So Preserve ON and Decouple OFF = samples stay loaded but front panel settings of all VEPro instruments can be unique per cue. Preserve ON and Decouple ON = samples stay loaded and front panel settings stay untouched as various cues are loaded.

Am I understanding this wrong? Come on Jay, set us straight!


----------



## Gerhard Westphalen (Feb 19, 2017)

I do cues in Cubase and master session in Nuendo (or Pro Tools although I can't do surround as I don't have HD) both running on the same computer. You can run multiple instances of Cubase if they're different versions (like 7 and 8) but then you need to have a license from 7 that was upgraded to 8.

The Video Slave seems to be a great alternative and even lets you import all your stems. It's what I'd be using but I'm on PC so I just use Nuendo for the master session (it's also just as expensive as buying another DAW).

One of the composers I normally work with just does it all in 1 session and hasn't had issues but he doesn't get many new cuts. As soon as you do or need to make major changes to a cue, all bets are off and things can easily become a mess.

One great thing about using separate cue sessions is that when you have edits earlier in the picture but none during a cue, all you have to do is reset the start time to the new location. No need to mess with tempos or adding time to get it to line up with the new start time.


----------



## Gerhard Westphalen (Feb 19, 2017)

ryanstrong said:


> Quickly vs. loosing my entire mix and instrument settings per cue? No thank you.



As long as you write it in midi you don't lose anything. I just use midi blips to reset my template when opened. If I want to change something I just write it in and when it opens, it updates to that. Lately I have been creating metaframes for different projects but it's just because I've been using a modular template and need certain things loaded/unloaded. If I want to make radical changes to a patch then I just load it in Cubase.


----------



## resound (Feb 19, 2017)

Yea


charlieclouser said:


> Disclaimer: I rarely use VEPro - only in emergencies where I need a rack of legato cello patches to choose between and layer on the fly across dozens of cues, but....
> 
> Isn't the situation you're referring to caused by using Preserve AND Decouple? I thought it worked like this:
> 
> ...


I believe that is correct, if decoupled is off then the plugin settings for that instance are saved with the project. So you could decouple your VEPro instance if you make changes to mic levels/etc. and those settings will be pushed to VEPro upon reloading the project.


----------



## Ashermusic (Feb 19, 2017)

charlieclouser said:


> Disclaimer: I rarely use VEPro - only in emergencies where I need a rack of legato cello patches to choose between and layer on the fly across dozens of cues, but....
> 
> Isn't the situation you're referring to caused by using Preserve AND Decouple? I thought it worked like this:
> 
> ...



Totally correct, Charlie. Preserve just means it does not disappear when unconnected. Decouple means that you load your VE Pro template and if your Logic template was saved, it automatically connects to a loaded VE Pro template, Coupled means it will populate an empty VE Pro server project, which sounds like a good idea, but it creates more problems than it solves.


----------



## charlieclouser (Feb 19, 2017)

Ashermusic said:


> Totally correct, Charlie. Preserve just means it does not disappear when unconnected. Decouple means that you load your VE Pro template and if your Logic template was saved, it automatically connects to a loaded VE Pro template, Coupled means it will populate an empty VE Pro server project, which sounds like a good idea, but it creates more problems than it solves.
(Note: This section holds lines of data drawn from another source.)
(* Let $L = L_p + \varepsilon L_d \in \mathbb{DH}[t]$ be a line polynomial and $h \in \mathbb{R}[t]$ nonzero. Suppose there is a motion polynomial $C = P + \varepsilon D \in \mathbb{DH}[t]$ satisfying $$P\mathbf{k}\overline{P} = hL_p,\qquad -P\mathbf{k}\overline{D} - D\mathbf{k}\overline{P} = hL_d,\qquad P\overline{D} + D\overline{P} = 0,$$ and suppose there is $f \in \mathbb{R}[t]$, either linear or quadratic and irreducible over $\mathbb{R}$, such that $f^2$ divides $h/\gcd(\operatorname{rgcd}(L_p), h)$. Then there exist an integer $m \ge 1$ and a motion polynomial satisfying the same three equations with $h$ replaced by $h/f^{2m}$.
   Context: $\mathbb{H}$ denotes the real quaternions with units $\mathbf{i},\mathbf{j},\mathbf{k}$ and conjugation $\overline{p_0 + p_1\mathbf{i} + p_2\mathbf{j} + p_3\mathbf{k}} = p_0 - p_1\mathbf{i} - p_2\mathbf{j} - p_3\mathbf{k}$; $\mathbb{DH} = \mathbb{H} + \varepsilon\mathbb{H}$ with $\varepsilon^2=0$, $\varepsilon$ central. $\mathbb{H}[t]$, $\mathbb{DH}[t]$ are polynomial rings in a real indeterminate $t$ commuting with the coefficients; conjugation acts coefficientwise. A motion polynomial is $C = P + \varepsilon D \in \mathbb{DH}[t]$ with $P \ne 0$ and $P\overline{D} + D\overline{P} = 0$. A line polynomial is $L = L_p + \varepsilon L_d \in \mathbb{DH}[t]$ with $L_p, L_d$ vectorial (zero scalar part), $L_p\overline{L_d} + L_d\overline{L_p} = 0$, and $L_p \neq 0$. For $A \in \mathbb{H}[t]$, $\operatorname{rgcd}(A)$ is the monic gcd in $\mathbb{R}[t]$ of its four real coefficient polynomials. The three equations are equivalent to $C_\varepsilon\mathbf{k}\overline{C_\varepsilon} = hL$ (with $C_\varepsilon = P - \varepsilon D$) together with the Study condition. *)

From HB Require Import structures.
From mathcomp Require Import all_boot all_order all_algebra.
From mathcomp Require Import reals.
Set Implicit Arguments. Unset Strict Implicit. Unset Printing Implicit Defensive.
Import Order.TTheory GRing.Theory Num.Theory.
Local Open Scope ring_scope.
Good, that's what I thought. Thanks for that, Jay. 

It's kind of a drag though, because Preserve + Coupled is the closest functionality to what I get by using a zillion instances of EXS-24 with "Keep Common Samples In Memory" turned ON - when switching songs, the samples stay loaded but the front panel settings get replaced by those in the newly-loaded song. This way the songs load very quickly but I can still have unique, per-song settings for filter, ADSR, etc. The only part that stays is the sample maps themselves. This is ideal for how I like to work. But using VEPro with Preserve + Coupled always seemed to be problematic - things would unload and reload even when I thought they wouldn't, and it would often unload a whole frame and reload what appeared to be basically the same frame. 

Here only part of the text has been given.